Only 3 months late International Exynos models use Android 10, but the US has to wait.Samsung is starting a slow and arduous process of updating flagship smartphones to the latest Android version, Android 10. According to SamMobile , it’s just the beginning of the release of Android 10 for Samsung, starting with Exynos-based Galaxy S10 in Europe and Asia, including Germany, Korea, the UK, India, Poland, and Spain.

With the release of Android 10 on September 3 and the first update on November 28, Samsung took 86 days to start building a stable Android 10 build on the user base. Nevertheless, Samsung still had a long way to release Android 10 to everyone with the Galaxy S10. Samsung Exynos SoCs are available for devices in Europe, Africa, and most of Asia, while Qualcomm Snapdragon SoCs are available for devices in North America, South America, and China. So far only Exynos devices have been updated.
If Samsung follows last year’s update, it will take 40 more days for devices in the U.S. to receive an update, which requires a Qualcomm build of Samsung software and a US carrier’s approval and “validation”. Samsung’s direct “unlocked” customers get the worst end of the update stick and usually get the update at the end. In 2018, unlocked customers had to wait for an update for 55 days after their first rollout.
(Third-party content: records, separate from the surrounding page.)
(* Let $\mathcal F\subset\mathcal F_X$ be a set of feasible environments. For each decision rule $p$ and each history $h$, $$\inf_{\mu\in\Delta(\mathcal F(h))}\frac{U_p(\mu,h)}{V(\mu,h)}=\inf_{F\in\mathcal F(h)}\frac{U_p(F,h)}{V(F,h)}.$$
   Context: Sequential search model. Fix a discount factor $\delta\in(0,1)$, a Borel set $X\subset\mathbb{R}_+$ with $0\in X$, and an outside option $x_0>0$. Let $\mathcal F_X$ be the set of Borel probability distributions on $X$ with finite mean (''environments''). A history is $h_t=(x_0,x_1,\dots,x_t)$, $t\ge0$, $x_i\in X$, with best-so-far alternative $y_t=\max\{x_0,\dots,x_t\}$. A decision rule $p$ assigns to each history $h$ a stopping probability $p(h)\in[0,1]$. Given an environment $F$ and a history $h_t$, future alternatives are i.i.d. with law $F$; at each round $s\ge t$ the individual stops with probability $p(h_s)$, and stopping at round $s$ yields $\delta^{s-t}y_s$ (never stopping yields $0$). $U_p(F,h)$ is the expected payoff and $V(F,h)=\sup_pU_p(F,h)$. A prior is a finitely supported probability distribution $\mu$ on $\mathcal F$; $\Delta(\mathcal F)$ is the set of priors, each $F\in\mathcal F$ identified with the point mass on it. An environment or prior is consistent with $h_t$ if the sequence $x_1,\dots,x_t$ occurs with positive probability under it; $\mathcal F(h)$ and $\Delta(\mathcal F(h))$ denote the sets of environments and priors consistent with $h$. For $\mu\in\Delta(\mathcal F(h))$, $U_p(\mu,h)=\sum_F\mu(F\mid h)U_p(F,h)$ where $\mu(\cdot\mid h)$ is the Bayesian posterior given $h$, and $V(\mu,h)=\sup_pU_p(\mu,h)$. *)

From HB Require Import structures.
From mathcomp Require Import all_boot all_order all_algebra.
From mathcomp Require Import all_classical all_reals all_analysis.

Unset Printing Implicit Defensive.
Import Order.TTheory GRing.Theory Num.Theory.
For the sake of history, Samsung’s roadmap shows “January” as the Android 10 update period for the Galaxy S10, but it doesn’t state any SoC or carrier issues.

Samsung is actually improving compared to last year. The company took 141 days for the first shipment of the 2018 Android update, the Android 9 Pie, to the flagship Galaxy S9 in 2018. Samsung, which took three months to deliver OS updates in 2019, may not sound impressive, but it’s a big improvement for Samsung. Recent core OS changes, such as Project Treble, have made Google easier to update Android, and these improvements will help Samsung.

In the Android update, Samsung is still the worst major supplier. Google offers a one-day update to the Pixel line, and other vendors like OnePlus now do it a few weeks late. Even if Samsung completes the release of Android 10 next month (which will be a huge improvement), it’s still far behind the competition. We’re slowly improving the entire ecosystem until we post a blog post about Project Treble as we update. In July 2018, just before Android 9 Pie was released, only 8.9% of devices were in the previous version, Android 8 Oreo. When Android 10 was released this year, 22.6% of the ecosystem was created with the older version of Android 9 Pie.
Samsung prefers its style as a competitor to Apple, but the company doesn’t even try to compete with Apple’s iPhone support package, which includes one-time OS updates per day and major OS updates for five years. Samsung takes 3-6 months to provide OS updates and only for 2 years. Apple’s excellent support means the phone’s resale value is much higher than any Android device, including Samsung’s flagship.

Samsung can apply skins to Android to add new user-level features and changes, but generally it doesn’t add new system-level APIs, security enhancements, or key system changes. This requires Google and major Android updates, and this year Android 10 offers a new gesture navigation system, a much more modular and easier update via Project Mainline, new notification panel features like smart response and focus mode, and new emoji. Numerous privacy and security changes, such as scoped storage, will limit media stack hardening for apps that can access other app data, more granular privacy controls, and malicious files.